The final loss function is composed of the weighted average of these three losses:

L=wbLBCE+wdLDFL+wcLC (11)

where wb, wd and wc are the weight coefficients of the three loss functions, respectively. During the training process, the model will continuously improve the accuracy of the model prediction by minimizing the value of the loss function. It ensures that the model can have a clear optimization direction in the training process, so as to achieve better detection results in practical applications.

Experiments

In this section, we introduce the experimental configuration, experimental parameters and experimental results of this study in detail.

Data and setup

Experimental environment

All experiments are conducted on an Ubuntu 20.04.5 LTS (64-bit) system with an Intel (R) Core (TM) i5-13600KF CPU and an NVIDIA RTX GPU 4080 (16 GB). The development language of this model is mainly Python, using the open-source deep learning framework PyTorch as the network framework. CUDA12.2 is used to accelerate the training.

Throughout the training phase of all experiments, a consistent set of hyperparameters was rigorously applied to ensure uniformity and comparability. Table 1 provides a comprehensive overview of the exact hyperparameters employed during the training process.

Table 1. Hyperparameters configuration.
Hyperparameters Value
Learning rate 0.01
Image size 640 * 640
Weight decay 0.0005
Batch size 16
Momentum 0.937
Epochs 300

Data enhancement

In the field of deep learning, especially in object detection tasks, the importance of data enhancement in model training cannot be ignored. As an effective technical means, it significantly improves the generalization ability and robustness of models by increasing the diversity and complexity of training data sets.

In our experiment, we also used some data enhancement methods of YOLOv8n to help train the model. Table 2 shows the parameter configurations of these methods.

Table 2. Data enhancement configuration.
Methods Value
HSV_h 0.015
HSV_s 0.7
HSV_v 0.4
Translate 0.1
Scale 0.5
Fliplr 0.5
Mosaic 1.0

The HSV approach introduces color variability by adjusting the hue, saturation, and value of images, simulating diverse environmental conditions and helping the model perform well under various lighting conditions. The translate method shifts the image slightly in both horizontal and vertical directions, which is beneficial for learning to detect visible objects regardless of their position. The scale method simulates objects at different distances from the camera by scaling the image according to a gain factor. The fliplr method horizontally flips the image from left to right with a specified probability, increasing the diversity of the dataset and enhancing the learning of symmetrical objects. Lastly, the mosaic method combines four training images into one, simulating different scene compositions and object interactions, which strengthens the understanding of complex scenes.

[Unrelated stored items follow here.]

Lemma ortho_kernels_eq0 m n (r : 'M[C]_(m, n)) (w w' : 'cV[C]_n) :
  (forall mu, w != mu *: w') ->
  (forall v : 'cV_n, dagger w *m v = 0 -> r *m v = 0) ->
  (forall v : 'cV_n, dagger w' *m v = 0 -> r *m v = 0) -> r = 0.
Proof.
move=> w_indep r_w r_w'; apply: mulmx_eq0_all => z.
have [w'0|w'_neq0] := eqVneq w' 0.
  by apply: r_w'; rewrite w'0 /dagger trmx0 map_mx0 mul0mx.
(* [u] is the component of [w] orthogonal to [w'], and [z] splits as
   [(z - t u) + t u] with [z - t u] orthogonal to [w]. *)
pose a := (dagger w' *m w') 0 0; pose b := (dagger w' *m w) 0 0.
have a_neq0 : a != 0 by apply: contraNneq w'_neq0 => /dagger_mulmx_eq0 ->.
pose u := a *: w - b *: w'.
have u_w' : dagger w' *m u = 0.
  rewrite mulmxBr -!scalemxAr [dagger w' *m w]mx11_scalar [dagger w' *m w']mx11_scalar.
  by rewrite !scale_scalar_mx -/a -/b mulrC subrr.
pose g := (dagger w *m u) 0 0.
have g_neq0 : g != 0.
  apply: contra_neq (w_indep (b / a)) => g0; apply: (scalerI a_neq0).
  rewrite scalerA mulrC divfK //; apply/eqP; rewrite -subr_eq0; apply/eqP/dagger_mulmx_eq0.
  by rewrite -/u daggerB !daggerZ mulmxBl -!scalemxAl u_w' scaler0 subr0 mxE -/g g0 mulr0.
pose t := (dagger w *m z) 0 0 / g.
have -> : z = (z - t *: u) + t *: u by rewrite subrK.
rewrite mulmxDr r_w ?r_w' ?add0r //; first by rewrite -scalemxAr u_w' scaler0.
rewrite mulmxBr -scalemxAr [dagger w *m z]mx11_scalar [dagger w *m u]mx11_scalar -/g.
by rewrite scale_scalar_mx divfK // subrr.
Qed.

End Positivity.

Section PartialTrace.

Lemma ptrace1E m n (Y : 'M[C]_(m * n)) i j :
  ptrace1 Y i j = \sum_k Y (mxtens_index (k, i)) (mxtens_index (k, j)).
Proof. exact: mxE. Qed.

Lemma ptrace1_is_linear m n : linear (@ptrace1 C m n).
Proof.
move=> k X Y; apply/matrixP => i j.
by rewrite !mxE big_distrr -big_split; apply: eq_bigr => l _; rewrite !mxE.
Qed.

HB.instance Definition _ m n :=
  GRing.isLinear.Build C 'M[C]_(m * n) 'M[C]_n _ (@ptrace1 C m n) (@ptrace1_is_linear m n).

Through these data augmentation techniques, our model is exposed to a more diverse range of samples during training, enabling it to learn more essential and generalized features, thereby achieving higher detection accuracy. The introduced noise and variations allow the model to learn how to cope with various potential interference factors during training, improving its robustness and stability in practical applications.

Dataset

In the experiment, we chose two parts of RDD2022 named RDD-China, a large open-source dataset containing road surface pictures of many countries, as our experimental dataset. The dataset contains a total of 4,378 pictures, of which 2,401 are taken by drones and 1,977 are taken by on-board cameras. As shown in Fig. 7, there are five types of road damage in the picture: longitudinal cracks (D00), transverse cracks (D10), alligator cracks (D20), potholes (D40), and road repairs. These images are divided into train_set, valid_set, and test_set in an 8:1:1 ratio.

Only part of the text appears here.